What is $\int_0^{2 \pi} \sin^{2009}( x) ~~dx$ What is
$$\displaystyle \int_0^{2 \pi} \sin^{2009}(x) ~~dx$$
If it is $0$, how so? Then shouldn't $\sin x$ be also $0$ and not -$\cos x$ since the top and bottom cancel out?
 A: Because $\sin (\pi + x) = -\sin (\pi - x)$, we can make a substitution $u = x - \pi$.  Then we have the integral of an odd function (composition of two odd functions $\sin x$ and $x^{2009}$) between $-\pi$ and $\pi$ and so the area is $0$.
A: The integral evaluates to $0$, which can be intuited from the following argument: $\sin(x)$ is oscillatory and $2\pi$-periodic, so that there is equal area above and below the $x$-axis over the interval $[0,2\pi]$; this applies for all odd powers of $\sin(x)$. Moreover, this applies for all odd powers of $\cos(x)$. As long as you integrate over the period of these oscillating functions (their odd powers that is), the areas above and below the $x$-axis will cancel, yielding $0$.

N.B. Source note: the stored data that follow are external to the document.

(* Let $\mathcal{A}\subseteq\mathbb{R}^3$ and let $\varphi_1,\ldots,\varphi_N\in L^2(\mathcal{A})$ be pairwise non-parallel with correlation matrix $\boldsymbol{\Psi}=\int_{\mathcal{A}}\boldsymbol{\varphi}^{\mathsf{H}}(\mathbf{r})\boldsymbol{\varphi}(\mathbf{r})\,\mathrm{d}\mathbf{r}\in\mathbb{C}^{N\times N}$ positive definite, where $\boldsymbol{\varphi}(\mathbf{r})=[\varphi_1(\mathbf{r}),\ldots,\varphi_N(\mathbf{r})]$. Let $\boldsymbol{\Psi}=\mathbf{U}\boldsymbol{\Lambda}\mathbf{U}^{\mathsf{H}}$ be an eigendecomposition with $\mathbf{U}$ unitary and $\boldsymbol{\Lambda}=\mathrm{diag}(\lambda_1,\ldots,\lambda_N)$, $\lambda_n>0$. For a Hermitian $\mathbf{M}\in\mathbb{C}^{N\times N}$ define the operator $T_{\mathbf{M}}$ on $L^2(\mathcal{A})$ with kernel $\delta(\mathbf{r}-\mathbf{r}')-\boldsymbol{\varphi}(\mathbf{r})\mathbf{M}\boldsymbol{\varphi}^{\mathsf{H}}(\mathbf{r}')$, i.e. $(T_{\mathbf{M}}f)(\mathbf{r})=f(\mathbf{r})-\boldsymbol{\varphi}(\mathbf{r})\mathbf{M}\int_{\mathcal{A}}\boldsymbol{\varphi}^{\mathsf{H}}(\mathbf{r}')f(\mathbf{r}')\,\mathrm{d}\mathbf{r}'$. Let $C_\varphi=T_{-\mathbf{I}_N}$ (kernel $\delta(\mathbf{r}-\mathbf{r}')+\boldsymbol{\varphi}(\mathbf{r})\boldsymbol{\varphi}^{\mathsf{H}}(\mathbf{r}')$) and $\overline{B}_\varphi=T_{\overline{\mathbf{B}}_{\boldsymbol\Psi}}$ with $\overline{\mathbf{B}}_{\boldsymbol\Psi}=\mathbf{U}\,\mathrm{diag}(\overline{\lambda}_1,\ldots,\overline{\lambda}_N)\mathbf{U}^{\mathsf{H}}$, $\overline{\lambda}_n=\frac{1+\sqrt{1+\lambda_n}}{\lambda_n\sqrt{1+\lambda_n}}$. Then $\overline{B}_\varphi C_\varphi\overline{B}_\varphi$ is the identity operator, i.e. in kernel form $\iint_{\mathcal{A}^2}\overline{B}_\varphi(\mathbf{r}_1,\mathbf{r})C_\varphi(\mathbf{r},\mathbf{r}')\overline{B}_\varphi(\mathbf{r}',\mathbf{r}_2)\,\mathrm{d}\mathbf{r}'\mathrm{d}\mathbf{r}=\delta(\mathbf{r}_1-\mathbf{r}_2)$.
   Context: Kernels containing $\delta(\mathbf{r}-\mathbf{r}')$ denote the identity plus a finite-rank integral operator; kernel identities with $\delta$ on the right mean operator identities equal to the identity. *)

From mathcomp Require Import all_boot all_order all_algebra.
From mathcomp Require Import all_classical all_reals all_analysis.
From mathcomp Require Import complex.
Import Order.TTheory GRing.Theory Num.Theory.
(* For all integers $k\ge1$ and $n\ge0$, \[ ov_k(n) = nov_k(n) - nov_{2k}(n). \]
   Context: An overpartition of $n$ is a non-increasing sequence of positive integers summing to $n$ in which the first occurrence of each integer may be overlined. For $j\ge1$, $nov_j(n)$ denotes the sum of all non-overlined parts divisible by $j$, summed over all overpartitions of $n$, and $ov_j(n)$ denotes the sum of all overlined parts divisible by $j$, summed over all overpartitions of $n$. *)

From mathcomp Require Import all_boot all_order all_algebra.
Set Implicit Arguments. Unset Strict Implicit. Unset Printing Implicit Defensive.

(* An overpartition is represented as a sequence of pairs (part, overlined?). *)
Definition ovpart := (nat * bool)%type.

(* s is an overpartition of n: parts positive, non-increasing, summing to n,
   and an overlined part is always the first occurrence of its value. *)
Definition is_overpartition (n : nat) (s : seq ovpart) : bool :=
  [&& all (fun x => 0 < x.1) s,
      sorted geq (map fst s),
      sumn (map fst s) == n &
      all (fun i => (nth (0, false) s i).2 ==>
                    ((i == 0) || ((nth (0, false) s i.-1).1 != (nth (0, false) s i).1)))
          (iota 0 (size s))].

Definition nov_parts (j : nat) (s : seq ovpart) : nat :=
  \sum_(x <- s | ~~ x.2 && (j %| x.1)) x.1.
Definition ov_parts (j : nat) (s : seq ovpart) : nat :=
  \sum_(x <- s | x.2 && (j %| x.1)) x.1.

(* Every overpartition of n
   has length at most n and parts at most n, so it arises from exactly one
   pair (m, t) with m < n.+1 and t : m.-tuple ('I_n.+1 * bool). *)
Definition ovp_of_tuple (n m : nat) (t : m.-tuple ('I_n.+1 * bool)) : seq ovpart :=
  [seq (nat_of_ord x.1, x.2) | x <- t].

Definition sum_overpartitions (n : nat) (F : seq ovpart -> nat) : nat :=
  \sum_(m < n.+1) \sum_(t : m.-tuple ('I_n.+1 * bool)
                        | is_overpartition n (ovp_of_tuple t))
     F (ovp_of_tuple t).

Definition nov (j n : nat) : nat := sum_overpartitions n (nov_parts j).
Definition ov (j n : nat) : nat := sum_overpartitions n (ov_parts j).

From mathcomp Require Import all_boot all_order all_algebra zify.

(** For a part size v, let N_v(n) and O_v(n) be the total numbers of non-overlined
   and of overlined parts equal to v over all overpartitions of n, and let p(n)
   be the number of overpartitions of n.  Adding a part v gives the recurrences
   N_v(n) = N_v(n - v) + p(n - v) and O_v(n) + O_v(n - v) = p(n - v), from which
   N_v = O_v + 2 N_2v follows by induction with step 2v; in generating functions
   this is q^v/(1 - q^v) - q^v/(1 + q^v) = 2 q^2v/(1 - q^2v).  Multiplying by v
   and summing over the multiples v of k gives ov_k + nov_2k = nov_k, because
   2v runs exactly over the multiples of 2k. *)

Definition ovp_next (x y : ovpart) : bool := (y.1 <= x.1) && (y.2 ==> (x.1 != y.1)).

(* Larger parts first and, among equal parts, the overlined one first: inserting
   a part into an overpartition is sorting for this total order. *)
Definition ovp_le (x y : ovpart) : bool := (y.1 < x.1) || (x.1 == y.1) && (y.2 ==> x.2).

Lemma ovp_next_trans : transitive ovp_next.
Proof. by move=> [a b] [c d] [e f]; rewrite /ovp_next /=; case: b d f => [] [] [] /=; lia. Qed.

Lemma ovp_le_trans : transitive ovp_le.
Proof. by move=> [a b] [c d] [e f]; rewrite /ovp_le /=; case: b d f => [] [] [] /=; lia. Qed.

Lemma ovp_le_total : total ovp_le.
Proof. by move=> [a b] [c d]; rewrite /ovp_le /=; case: b d => [] [] /=; lia. Qed.

Lemma ovp_le_anti : antisymmetric ovp_le.
Proof. by move=> [a b] [c d]; rewrite /ovp_le /=; case: b d => [] [] /= H; congr pair; lia. Qed.

Lemma ovp_nextE x y : ovp_next x y = ovp_le x y && (x.2 ==> (y != x)).
Proof.
by case: x y => [a b] [c d]; rewrite /ovp_next /ovp_le xpair_eqE; case: b d => [] [] /=; lia.
Qed.

Lemma sorted_ovp_nextE s :
  sorted ovp_next s = sorted ovp_le s && uniq [seq x <- s | x.2].
Proof.
elim: s => //= x s IHs.
rewrite (path_sortedE ovp_next_trans) (path_sortedE ovp_le_trans) IHs.
rewrite (eq_all (ovp_nextE x)) all_predI.
case: x => a [] /=; last by rewrite all_predT andbT andbA.
rewrite mem_filter /= -has_pred1 -all_predC.
by case: (all (ovp_le _) s); case: (sorted _ s); case: (all (predC _) s); rewrite ?andbF.
Qed.

Lemma sorted_ovp_next (s : seq ovpart) (x0 := (0, false)) :
  sorted ovp_next s =
  sorted geq (map fst s) &&
  all (fun i => (nth x0 s i).2 ==> ((i == 0) || ((nth x0 s i.-1).1 != (nth x0 s i).1)))
      (iota 0 (size s)).
Proof.
apply/(sortedP x0)/andP => [Hs | [/(sortedP 0) Hle /allP Hov] i Hi].
  split; last first.
  by apply/allP => -[|j] //=; rewrite ?implybT // mem_iota => /(Hs j) /andP[].
  apply/(sortedP 0) => i; rewrite size_map => Hi.
  by rewrite !(nth_map x0) ?(ltnW Hi) //; case/andP: (Hs i Hi).
have /= := Hov i.+1; rewrite mem_iota Hi => /(_ isT) Hi1.
have := Hle i; rewrite size_map !(nth_map x0) ?(ltnW Hi) // => /(_ Hi) Hi2.
by apply/andP.
Qed.

Lemma is_overpartitionE n s : is_overpartition n s =
  [&& all (fun x => 0 < x.1) s, sorted ovp_next s & sumn (map fst s) == n].
Proof.
rewrite /is_overpartition sorted_ovp_next.
by case: (sorted _ _) (all _ (iota _ _)) => [] []; rewrite ?andbF ?andbT.
Qed.

Definition overpartitions (n : nat) : seq (seq ovpart) :=
  [seq s <- flatten [seq [seq ovp_of_tuple t | t : m.-tuple ('I_n.+1 * bool)]
                    | m <- iota 0 n.+1]
   | is_overpartition n s].

Lemma sum_overpartitionsE n F :
  sum_overpartitions n F = \sum_(s <- overpartitions n) F s.
Proof.
rewrite big_filter big_flatten big_map -{1}(subn0 n.+1) -/(index_iota 0 n.+1) big_mkord.
by apply: eq_bigr => m _; rewrite big_image_cond.
Qed.

Lemma size_ovp_of_tuple n m (t : m.-tuple ('I_n.+1 * bool)) : size (ovp_of_tuple t) = m.
Proof. by rewrite size_map size_tuple. Qed.

Lemma ovp_of_tuple_inj n m : injective (@ovp_of_tuple n m).
Proof.
move=> t1 t2 /inj_map eq_t; apply/val_inj/eq_t.
by move=> [a b] [c d] [/val_inj -> ->].
Qed.

Lemma overpartitions_uniq n : uniq (overpartitions n).
Proof.
(* [set] protects the [n.+1] of ['I_n.+1] from the induction on the range. *)
apply/filter_uniq; set tuples := fun m => [seq ovp_of_tuple t | t : m.-tuple ('I_n.+1 * bool)].
elim: n.+1 0 => //= b IHb a.
rewrite cat_uniq IHb map_inj_uniq ?enum_uniq ?andbT //=; last exact: ovp_of_tuple_inj.
apply/hasPn => s /flattenP[l /mapP[m]]; rewrite mem_iota => /andP[lt_am _] -> /mapP[t _ ->].
apply/mapP => -[t' _ /(congr1 size)]; rewrite !size_ovp_of_tuple => eq_m.
by rewrite eq_m ltnn in lt_am.
Qed.

Lemma part_le_sumn {s : seq ovpart} {x : ovpart} : x \in s -> x.1 <= sumn (map fst s).
Proof. by elim: s => //= y s IHs; rewrite inE => /predU1P[-> | /IHs]; lia. Qed.

Lemma size_le_sumn (s : seq ovpart) : all (fun x => 0 < x.1) s -> size s <= sumn (map fst s).
Proof. by elim: s => //= x s IHs /andP[x_gt0 /IHs]; lia. Qed.

Lemma mem_overpartitions n s : (s \in overpartitions n) = is_overpartition n s.
Proof.
rewrite mem_filter andb_idr // => ovp_s.
move: (ovp_s); rewrite is_overpartitionE => /and3P[pos_s _ /eqP sum_s].
apply/flattenP; exists [seq ovp_of_tuple t | t : (size s).-tuple ('I_n.+1 * bool)].
  by apply/mapP; exists (size s); rewrite // mem_iota ltnS -sum_s size_le_sumn.
pose t := map_tuple (fun x : ovpart => (inord x.1 : 'I_n.+1, x.2)) (in_tuple s).
apply/mapP; exists t; first by rewrite mem_enum.
rewrite /ovp_of_tuple -map_comp map_id_in // => -[a b] xs /=.
by rewrite inordK // ltnS -sum_s (part_le_sumn xs).
Qed.

Lemma big_seq_bij {R : Type} {idx : R} (op : Monoid.com_law idx) (T : eqType)
    (r1 r2 : seq T) (P1 P2 : pred T) (f g : T -> T) (F : T -> R) :
    uniq r1 -> uniq r2 ->
    {in r1, forall x, P1 x -> [/\ f x \in r2, P2 (f x) & g (f x) = x]} ->
    {in r2, forall y, P2 y -> [/\ g y \in r1, P1 (g y) & f (g y) = y]} ->
  \big[op/idx]_(x <- r1 | P1 x) F x = \big[op/idx]_(y <- r2 | P2 y) F (g y).
Proof.
move=> uniq_r1 uniq_r2 f_in g_in.
rewrite -big_filter -[RHS]big_filter -(big_map g xpredT F); apply/perm_big/uniq_perm.
- exact: filter_uniq.
- rewrite map_inj_in_uniq ?filter_uniq // => y1 y2.
  rewrite !mem_filter => /andP[P2y1 y1_r2] /andP[P2y2 y2_r2] eq_g.
  by have [_ _ <-] := g_in y1 y1_r2 P2y1; have [_ _ <-] := g_in y2 y2_r2 P2y2; rewrite eq_g.
move=> x; rewrite mem_filter; apply/andP/mapP => [[P1x x_r1] | [y]].
  by have [fx_r2 P2fx <-] := f_in x x_r1 P1x; exists (f x); rewrite // mem_filter P2fx.
by rewrite mem_filter => /andP[P2y y_r2] ->; have [] := g_in y y_r2 P2y.
Qed.

Lemma big_overpartitions_bij {R : Type} {idx : R} (op : Monoid.com_law idx) n m
    (P1 P2 : pred (seq ovpart)) (f g : seq ovpart -> seq ovpart) (F : seq ovpart -> R) :
    (forall s, is_overpartition n s -> P1 s ->
       [/\ is_overpartition m (f s), P2 (f s) & g (f s) = s]) ->
    (forall s, is_overpartition m s -> P2 s ->
       [/\ is_overpartition n (g s), P1 (g s) & f (g s) = s]) ->
  \big[op/idx]_(s <- overpartitions n | P1 s) F s =
  \big[op/idx]_(s <- overpartitions m | P2 s) F (g s).
Proof.
move=> f_ovp g_ovp; apply: big_seq_bij; rewrite ?overpartitions_uniq // => s.
  by rewrite !mem_overpartitions; apply: f_ovp.
by rewrite !mem_overpartitions; apply: g_ovp.
Qed.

A: Use the reduction formula to study the recurrence relation involved $$\int \sin^{2n+1}x =\cfrac{\cos x \sin^{2n} x}{2n+1}+\cfrac{2n}{2n+1}\cdot\int \sin^{2n-1}x \ dx +c $$
and $\displaystyle \int_0^{2 \pi} \sin(x) dx =\left[-\cos x \right]^{2\pi}_0= 0$  and not just $- \cos x$